(* Let $\mathcal{H}_1$ and $\mathcal{H}_2$ be two hypertrees with the same vertex set $V$. Then $\mathcal{H}_1$ and $\mathcal{H}_2$ are equivalent if and only if they have the same basic sets. Moreover, if $\mathcal{H}_1$ and $\mathcal{H}_2$ have a common host tree $T$, then they are equivalent if and only if $I_{\mathcal{H}_1}(uv)=I_{\mathcal{H}_2}(uv)$ for every edge $uv$ of $T$.
   Context: A hypergraph $\mathcal{H}$ has a finite vertex set $V(\mathcal{H})$ and a finite family of nonempty subsets (edges). A host tree of $\mathcal{H}$ is a tree with vertex set $V(\mathcal{H})$ in which every edge induces a connected subgraph; $\mathcal{H}$ is a hypertree if it has one. Hypergraphs on the same vertex set are equivalent if they have the same host trees. For $V'\subseteq V(\mathcal{H})$, $I_\mathcal{H}(V')$ is the intersection of all edges of $\mathcal{H}$ containing $V'$, or $V(\mathcal{H})$ if none does; $I_\mathcal{H}(uv)=I_\mathcal{H}(\{u,v\})$. A union of sets is connected if the intersection graph of the sets is connected. $Comp(\mathcal{H})$ is the hypergraph without repeated edges on $V(\mathcal{H})$ whose edges are $V(\mathcal{H})$, all one-element subsets, and all proper subsets obtainable from edges of $\mathcal{H}$ by repeated nonempty intersections and connected unions. A basic set of $\mathcal{H}$ is an edge of $Comp(\mathcal{H})$ with more than one vertex that is not a connected union of strictly smaller edges of $Comp(\mathcal{H})$. *)

From mathcomp Require Import all_boot.
Set Implicit Arguments. Unset Strict Implicit. Unset Printing Implicit Defensive.

(* A hypergraph on the (finite) vertex set T is a finite family (sequence,
   repetitions allowed) of subsets of T; nonemptiness of edges is a
   hypothesis of the theorem. *)
Definition hypergraph (T : finType) := seq {set T}.

Section Defs.
Variable T : finType.

(* A graph on T is given by its set of edges; a graph edge is a 2-element set. *)
Definition gadj (E : {set {set T}}) : rel T :=
  [rel x y | (x != y) && ([set x; y] \in E)].

Definition induced_connected (E : {set {set T}}) (S : {set T}) : bool :=
  [forall x in S, forall y in S,
     connect [rel a b | [&& a \in S, b \in S & gadj E a b]] x y].

Definition is_tree (E : {set {set T}}) : Prop :=
  [/\ [set: T] != set0,
      (forall e, e \in E -> #|e| = 2),
      induced_connected E [set: T] &
      (forall e, e \in E -> ~~ induced_connected (E :\ e) [set: T])].

Definition host_tree (H : hypergraph T) (E : {set {set T}}) : Prop :=
  is_tree E /\ (forall e, e \in H -> induced_connected E e).

Definition hypertree (H : hypergraph T) : Prop := exists E, host_tree H E.

Definition equivalent (H1 H2 : hypergraph T) : Prop :=
  forall E, host_tree H1 E <-> host_tree H2 E.

(* I_H(V'): intersection of all edges containing V' (setT if none). *)
Definition Icap (H : hypergraph T) (V' : {set T}) : {set T} :=
  \bigcap_(e <- H | V' \subset e) e.

Definition family_connected (F : {set {set T}}) : bool :=
  [forall A in F, forall B in F,
     connect [rel X Y | [&& X \in F, Y \in F & X :&: Y != set0]] A B].

Inductive obtainable (H : hypergraph T) : {set T} -> Prop :=
| ob_edge e : e \in H -> obtainable H e
| ob_cap A B : obtainable H A -> obtainable H B -> A :&: B != set0 ->
    obtainable H (A :&: B)
| ob_cup (F : {set {set T}}) : F != set0 ->
    (forall A, A \in F -> obtainable H A) -> family_connected F ->
    obtainable H (\bigcup_(A in F) A).

Definition comp_edge (H : hypergraph T) (S : {set T}) : Prop :=
  S = [set: T] \/ (exists x, S = [set x]) \/ (obtainable H S /\ S != [set: T]).

Definition basic_set (H : hypergraph T) (S : {set T}) : Prop :=
  comp_edge H S /\ 1 < #|S| /\
  ~ (exists F : {set {set T}},
       [/\ F != set0,
           (forall A, A \in F -> comp_edge H A /\ A \proper S),
           family_connected F &
           \bigcup_(A in F) A = S]).

End Defs.

From mathcomp Require Import all_boot.
From Stdlib Require Import Classical.
Set Implicit Arguments. Unset Strict Implicit. Unset Printing Implicit Defensive.

(* Every set obtainable from the edges of H by nonempty intersections and
   connected unions induces a subtree of every host tree of H, and conversely a
   tree in which all basic sets induce subtrees is a host tree, because every
   edge of Comp(H) is a connected union of basic sets.  So hypertrees with the
   same basic sets are equivalent.

   Let E be a host tree of H and uv an edge of E.  Replacing uv by an edge ab
   joining the two components of E - uv gives again a tree, and that tree is a
   host tree of H exactly when a, b lie in I_H(uv).  Hence equivalent hypertrees
   with the common host tree E have the same sets I_H(uv) on the edges of E.
   Conversely these sets determine the host trees: a set S of size at least 2
   that induces a subtree of E is the connected union of the sets I_H(g) over
   the edges g of E inside S, and I_H(g) lies in S whenever S is obtainable.
   The same decomposition shows that equivalent hypertrees have the same edges
   of Comp(H), hence the same basic sets. *)

Section Connect.
Variables (T : finType) (r : rel T).

Lemma connect_ind (P : T -> Prop) x y :
  (forall a b, r a b -> P a -> P b) -> connect r x y -> P x -> P y.
Proof.
move=> step /connectP[p]; elim: p x => [|z p IH] x /=; first by move=> _ ->.
by case/andP=> rxz pz ey Px; apply: IH z pz ey (step _ _ rxz Px).
Qed.

Lemma connect_exit (A : {pred T}) x y : connect r x y -> x \in A -> y \notin A ->
  exists a b, [/\ r a b, a \in A & b \notin A].
Proof.
move=> cxy xA /negP yA; apply: NNPP => noexit; apply: yA.
apply: (@connect_ind (fun z => z \in A) x y) cxy xA => a b rab aA.
by apply: contraPT noexit => bA; apply; exists a, b.
Qed.

Lemma connect_subrel (r' : rel T) : subrel r r' -> subrel (connect r) (connect r').
Proof. by move=> rr'; apply: connect_sub => x y /rr' /connect1. Qed.

End Connect.

Section Induced.
Variable T : finType.

Definition induced (A : {set T}) (r : rel T) : rel T :=
  [rel a b | [&& a \in A, b \in A & r a b]].

Lemma connect_induced_in A (r : rel T) a b :
  connect (induced A r) a b -> a \in A -> b \in A.
Proof.
by move=> cab; apply: (connect_ind (P := fun c => c \in A)) cab => c d /and3P[].
Qed.

Lemma connect_inducedT (r : rel T) : connect (induced setT r) =2 connect r.
Proof. by apply: eq_connect => a b; rewrite /induced /= !in_setT. Qed.

End Induced.

Section Graphs.
Variable T : finType.
Implicit Types (E : {set {set T}}) (A B S f g : {set T}) (a b p q u v x y z : T).

Lemma gadj_sym E : symmetric (gadj E).
Proof. by move=> x y; rewrite /gadj /= eq_sym setUC. Qed.

Lemma gadjS E E' : E \subset E' -> subrel (gadj E) (gadj E').
Proof. by move=> sEE' a b /andP[nab abE]; rewrite /gadj /= nab (subsetP sEE'). Qed.

Lemma connect_gadjC E x y : connect (gadj E) x y = connect (gadj E) y x.
Proof. exact: (sym_connect_sym (gadj_sym E)). Qed.

Lemma connect_inducedC E A x y :
  connect (induced A (gadj E)) x y = connect (induced A (gadj E)) y x.
Proof.
apply: sym_connect_sym => a b; rewrite /induced /= gadj_sym.
by case: (a \in A); case: (b \in A).
Qed.

Lemma induced_connectedP E S :
  reflect {in S &, forall x y, connect (induced S (gadj E)) x y}
          (induced_connected E S).
Proof.
apply: (iffP forall_inP) => [cS x y xS|cS x xS].
  by move/forall_inP: (cS x xS); apply.
by apply/forall_inP=> y; apply: cS.
Qed.

Lemma induced_connectedT E :
  induced_connected E setT <-> forall x y, connect (gadj E) x y.
Proof.
split=> [/induced_connectedP cE x y|cE].
  by rewrite -connect_inducedT; apply: cE.
by apply/induced_connectedP=> x y _ _; rewrite connect_inducedT.
Qed.

Lemma induced_connected_small E S : #|S| <= 1 -> induced_connected E S.
Proof.
move=> S_le1; apply/induced_connectedP=> x y xS yS.
suff -> : x = y by apply: connect0.
apply: contraTeq S_le1 => nxy; rewrite -ltnNge (cardsD1 x) xS add1n ltnS card_gt0.
by apply/set0Pn; exists y; rewrite !inE yS eq_sym nxy.
Qed.

Lemma eq_set2 a b u v : a != b -> [set a; b] = [set u; v] :> {set T} ->
  (a = u /\ b = v) \/ (a = v /\ b = u).
Proof.
move=> nab e; move: (set21 a b) (set22 a b); rewrite e.
by move=> /set2P[] ea /set2P[] eb; subst; rewrite ?eqxx in nab; by [left|right].
Qed.

Lemma induced_gadjD E S u v : (u \notin S) || (v \notin S) ->
  subrel (induced S (gadj E)) (gadj (E :\ [set u; v])).
Proof.
move=> uvS a b /and3P[aS bS /andP[nab abE]].
rewrite /gadj /= nab in_setD1 abE andbT; apply: contraTneq uvS => e.
by rewrite negb_or !negbK; case: (eq_set2 nab e) => -[<- <-]; rewrite aS bS.
Qed.

Lemma induced_connected_replace E E' S u v :
  induced_connected E S -> {subset E :\ [set u; v] <= E'} ->
  (u \in S -> v \in S -> connect (induced S (gadj E')) u v) ->
  induced_connected E' S.
Proof.
move=> /induced_connectedP cS sEE' cuv; apply/induced_connectedP=> x y xS yS.
apply: connect_sub (cS x y xS yS) => p q /and3P[pS qS /andP[npq pqE]].
case: (eqVneq [set p; q] [set u; v]) => [e|ne]; last first.
  by apply: connect1; rewrite /induced /gadj /= pS qS npq sEE' // in_setD1 ne.
case: (eq_set2 npq e) => -[-> ->] in pS qS *; last rewrite connect_inducedC.
  all: exact: cuv.
Qed.

Definition side E u v := [set z | connect (gadj (E :\ [set u; v])) u z].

> _About this task_: Beginning with the line that holds "induced_connected E' S.", please return every line through the end of the data, exactly as written.

> _Result_:
  induced_connected E' S.
Proof.
move=> /induced_connectedP cS sEE' cuv; apply/induced_connectedP=> x y xS yS.
apply: connect_sub (cS x y xS yS) => p q /and3P[pS qS /andP[npq pqE]].
case: (eqVneq [set p; q] [set u; v]) => [e|ne]; last first.
  by apply: connect1; rewrite /induced /gadj /= pS qS npq sEE' // in_setD1 ne.
case: (eq_set2 npq e) => -[-> ->] in pS qS *; last rewrite connect_inducedC.
  all: exact: cuv.
Qed.

Definition side E u v := [set z | connect (gadj (E :\ [set u; v])) u z].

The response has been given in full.